Are there any problems that can only be tackled with density matrices and not with pure state evolution?

Question

Say I have a state $|\Psi_0\rangle$.

I measure observable $\hat{A}$, the wavefunction collapses to one its eigenstates. I can write $|\Psi_0\rangle = \sum_j \alpha_j|\psi^A_j\rangle$, where $|\psi^A_j\rangle$ are the eigenstates of $\hat{A}$.

Suppose I do not have access to the results of the experiment though.

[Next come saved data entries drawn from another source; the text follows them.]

(* Pr_2(s,w1,w): same, with the OR also including a fixed y1 of weight w1, y1 <= y. *)
Definition Pr2 (p : R) (N s w1 w : nat) : R :=
  let k := colwt p N in
  Rdiv (INR #|[set f : {ffun 'I_s -> bvec N} |
            [forall a, wt (f a) == k] && (bor (cvec N w1) (borall f) == cvec N w)]|)
       (INR #|[set f : {ffun 'I_s -> bvec N} | [forall a, wt (f a) == k]]|).

Definition log2R (x : R) : R := Rdiv (ln x) (ln (INR 2)).
Definition L1 (t : nat) : R := log2R (log2R (INR t)).

(* B(N,t) as a function of x = t * Pr_2(1,w1,w) *)
Definition Bfun (N t : nat) (x : R) : R :=
  if Rlt_dec (INR N) x then x
  else if Rle_dec (Rpower (INR t) (Ropp (Rinv (sqrt (L1 t))))) x then INR N
  else Rdiv (L1 t) (INR 10).

Definition good3 (p : R) N t (X : 'M[bool]_(N, t)) : Prop :=
  (forall (y : bvec N) (F : {set {set 'I_t}}),
      F \subset Hedges X y -> is_config 1 F -> Rlt (INR #|F|) (L1 t)) /\
  (forall (y : bvec N) (F : {set {set 'I_t}}),
      F \subset Hedges X y -> is_config 0 F ->
      Rlt (INR #|F|) (Rmult (INR 10) (Rmax (Rmult (pow (INR t) 3) (Pr1 p N 3 (wt y))) (INR N)))) /\
  (forall (y y1 : bvec N), bor y y1 = y ->
      Rlt (INR #|[set j : 'I_t | bor y1 (column X j) == y]|)
          (Rmult (INR 10) (Bfun N t (Rmult (INR t) (Pr2 p N 1 (wt y1) (wt y)))))) /\
  (forall (y : bvec N) (w1 : nat) (P : {set {set 'I_t}}), (w1 <= wt y)%N ->
      (forall q, q \in P -> exists j1 j2 : 'I_t,
          [/\ j1 != j2, q = [set j1; j2],
              bor (bor (column X j1) (column X j2)) y = y &
              wt (bor (column X j1) (column X j2)) = w1]) ->
      (forall q1 q2, q1 \in P -> q2 \in P -> q1 != q2 -> [disjoint q1 & q2]) ->
      Rlt (INR #|P|) (Rmult (INR 10) (Rmax (INR N)
            (Rmult (Rmult (INR 'C(wt y, w1)) (pow (INR t) 2)) (Pr1 p N 2 w1))))).
(* Consider the discrete-time system $x_{k+1}=f(x_k,u_k,w_k)$, $y_k=h(x_k,v_k)$ with $x_k\in\mathbb{X}\subset\mathbb{R}^n$, $u_k\in\mathbb{U}\subseteq\mathbb{R}^m$, $w_k\in\mathbb{R}^q$, $v_k\in\mathbb{V}\subset\mathbb{R}^r$, $y_k\in\mathbb{Y}\subset\mathbb{R}^p$, $f,h$ continuously differentiable, $\mathbb{Z}:=\mathbb{X}\times\mathbb{U}\times\mathbb{R}^q\times\mathbb{V}\times\mathbb{Y}$. Assume $\mathbb{X},\mathbb{V},\mathbb{Y}$ are compact. Assume there is a diffeomorphism $T=(T_\flat,T_\sharp):\mathbb{R}^n\to\mathbb{R}^{n_\flat+n_\sharp}$ and a continuously differentiable $\psi:\mathbb{R}^p\times\mathbb{R}^{n_\sharp}\times\mathbb{R}^r\to\mathbb{R}^{n_\flat}$ such that, with $z=T(x)=(z^\flat,z^\sharp)$, $f_\sharp(z^\sharp,z^\flat,u,w):=T_\sharp(f(T^{-1}(z),u,w))$ and $h_T(z^\sharp,z^\flat,v):=h(T^{-1}(z),v)$, one has $z^\flat=\psi(y,z^\sharp,v)$ whenever $y=h_T(z^\sharp,z^\flat,v)$, and $\partial f_\sharp^i/\partial w\equiv0$ for all $i\in\{1,\dots,n_\sharp\}$. Define the reduced-order system $$z^\sharp_{k+1}=\hat{f}_\sharp(z^\sharp_k,\gamma_k,u_k,v_k):=f_\sharp\big(z^\sharp_k,\psi(\gamma_k,z^\sharp_k,v_k),u_k,w_k\big),\qquad y_k=\hat{h}_T(z^\sharp_k,\gamma_k,v_k):=h_T\big(z^\sharp_k,\psi(\gamma_k,z^\sharp_k,v_k),v_k\big),$$ with fictitious input $\gamma_k\in\mathbb{R}^p$ (the right-hand side does not depend on $w_k$). Let $\overline{\mathbb{X}}:=T(\mathbb{X})$, $\overline{\mathbb{X}}_\sharp$ its projection onto the $z^\sharp$-coordinates and $\mathbb{Z}_\sharp:=\overline{\mathbb{X}}_\sharp\times\mathbb{Y}\times\mathbb{U}\times\mathbb{V}\times\mathbb{Y}$. If there exist $\beta\in\mathcal{K}_\infty$, $\beta_0\in\mathcal{KL}$ and summable $\mathcal{KL}$-functions $\beta_v,\beta_y,\beta_\gamma$ such that $$\beta(\|z^\sharp_k-\widetilde{z}^\sharp_k\|)\le\sum_{i=1}^k\beta_v(\|v_{k-i}-\widetilde{v}_{k-i}\|,i)+\sum_{i=1}^k\big(\beta_y(\|y_{k-i}-\widetilde{y}_{k-i}\|,i)+\beta_\gamma(\|\gamma_{k-i}-\widetilde{\gamma}_{k-i}\|,i)\big)+\beta_0(\|z^\sharp_0-\widetilde{z}^\sharp_0\|,k)$$ for all $k\ge0$ and any $(\boldsymbol{z}^\sharp,\boldsymbol{\gamma},\boldsymbol{u},\boldsymbol{v},\boldsymbol{y}),(\widetilde{\boldsymbol{z}}^\sharp,\widetilde{\boldsymbol{\gamma}},\boldsymbol{u},\widetilde{\boldsymbol{v}},\widetilde{\boldsymbol{y}})\in\mathbb{Z}_\sharp^\infty$ satisfying the reduced-order system, then the original system is strongly nonlinearly detectable.
   Context: $\mathcal{K}$, $\mathcal{K}_\infty$, $\mathcal{KL}$ are the usual comparison function classes; a $\mathcal{KL}$-function $\beta$ is summable if there is $\alpha\in\mathcal{K}$ with $\sum_{k\ge0}\beta(r,k)\le\alpha(r)$ for all $r\ge0$. A solution of the original system is a sequence in $\mathbb{Z}^\infty$ satisfying its equations. The original system is strongly nonlinearly detectable if there exist $\alpha\in\mathcal{K}_\infty$, $\alpha_0\in\mathcal{KL}$ and summable $\alpha_v,\alpha_y\in\mathcal{KL}$ such that $\alpha(\|x_k-\widetilde{x}_k\|)\le\alpha_0(\|x_0-\widetilde{x}_0\|,k)+\sum_{i=0}^k(\alpha_v(\|v_{k-i}-\widetilde{v}_{k-i}\|,i)+\alpha_y(\|y_{k-i}-\widetilde{y}_{k-i}\|,i))$ for all $k\ge0$ and all pairs of solutions $(\boldsymbol{x},\boldsymbol{u},\boldsymbol{w},\boldsymbol{v},\boldsymbol{y}),(\widetilde{\boldsymbol{x}},\boldsymbol{u},\widetilde{\boldsymbol{w}},\widetilde{\boldsymbol{v}},\widetilde{\boldsymbol{y}})\in\mathbb{Z}^\infty$. *)

(* R : realType, vectors are row vectors 'rV[R]_n
   with the library's (sup-)norm `|.|, products of normed spaces for
   multi-argument maps. *)
From mathcomp Require Import all_boot all_order all_algebra.
From mathcomp Require Import all_classical all_reals all_analysis.
Import numFieldNormedType.Exports.
Set Implicit Arguments. Unset Strict Implicit. Unset Printing Implicit Defensive.
Import Order.TTheory GRing.Theory Num.Theory.
Local Open Scope ring_scope.
Local Open Scope classical_set_scope.
Lemma dist_precomp_ker (W : Obj C) :
  [set u : Hom C Y W | comp C f u == 0] = [set comp C g v | v : Hom C Z W].
Proof.
apply/setP => u; rewrite inE; apply/eqP/imsetP => [fu0 | [v _ ->]]; last first.
  by rewrite -comp_assoc dist_comp_eq0 comp0l.
(* Write W = W0[1]; the trivial triangle rotated twice is 0 -> W0[1] -> W0[1] -> 0[1], and
   TR3 completes the square f (u b) = 0 to a factorisation of u through g. *)
have [W0 [a [b [ab ba]]]] := sh_esurj W.
have zero_tri := dist_rotate (dist_rotate (dist_id W0)).
have fub : comp C f (comp C u b) = comp C (0 : Hom C X (zobj C)) 0.
  by rewrite -comp_assoc fu0 !comp0l.
have [c [gc _]] := dist_morph fgh zero_tri fub.
exists (comp C (- c) a) => //.
by rewrite -comp_assoc compNr gc shm_id compNr comp_idr opprK comp_assoc ba comp_idr.
Qed.

Lemma dist_postcomp_ker (W : Obj C) :
  [set u : Hom C W Y | comp C u g == 0] = [set comp C v f | v : Hom C W X].
Proof.
apply/setP => u; rewrite inE; apply/eqP/imsetP => [ug0 | [v _ ->]]; last first.
  by rewrite comp_assoc dist_comp_eq0 comp0r.
have zero_tri := dist_rotate (dist_id W).
have ug : comp C (0 : Hom C W (zobj C)) (0 : Hom C (zobj C) Z) = comp C u g.
  by rewrite ug0 comp0l.
have [c [_ ushift]] := dist_morph zero_tri (dist_rotate fgh) ug.
have [v cv] := shm_surj c.
exists v => //; apply: (@shm_inj _ _ W Y); apply: oppr_inj.
by rewrite shm_comp -cv -compNr -ushift compNl shm_id comp_idl.
Qed.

I now apply a second operator $\hat{B}$.

I can see two ways of proceeding to know how the system will evolve in time:

1) I can write $|\Psi^B_t\rangle = \hat{B}|\Psi_t\rangle = \sum_j \alpha_j\hat{B}|\psi^A_j(t)\rangle$, where I have to work out how each of the $|\psi^A_j\rangle$ evolves with time;

2) Defining the density matrix $\rho = \sum_i p_i|\psi^A\rangle\langle\psi^A|$, to then use $\frac{\partial \rho}{\partial t} = \frac{1}{i\hbar}[\rho, H]$.

I agree option #2 is easier, but option #1 is still feasible.

Is there any situation where I cannot use method 1 (pure state time evolution) but have to use use the density matrix approach?

Answer 1

Sorry, I have misunderstood your question in the comments. To be concrete, consider the Stern-Gerlach experiment. Assume you have an initial state $|\psi\rangle = c_0|z_+\rangle + c_1|z_-\rangle$ and pass it through a SG apparatus in the z direction. Then you know for sure that the end states are either $|z_+\rangle$ or $|z_-\rangle$. If you put your SG inside a black box so that you cannot know which of the end states it is, I believe you can treat this as a mixed state with $|c_0|^2$ probability of being $z_+$ and $|c_1|^2$ probability of being $z_-$: $$\rho = |c_0|^2|z_+\rangle\langle z_+| + |c_1|^2 |z_-\rangle\langle z_-| $$ So you can use this density matrix to evolve the system in time as you described.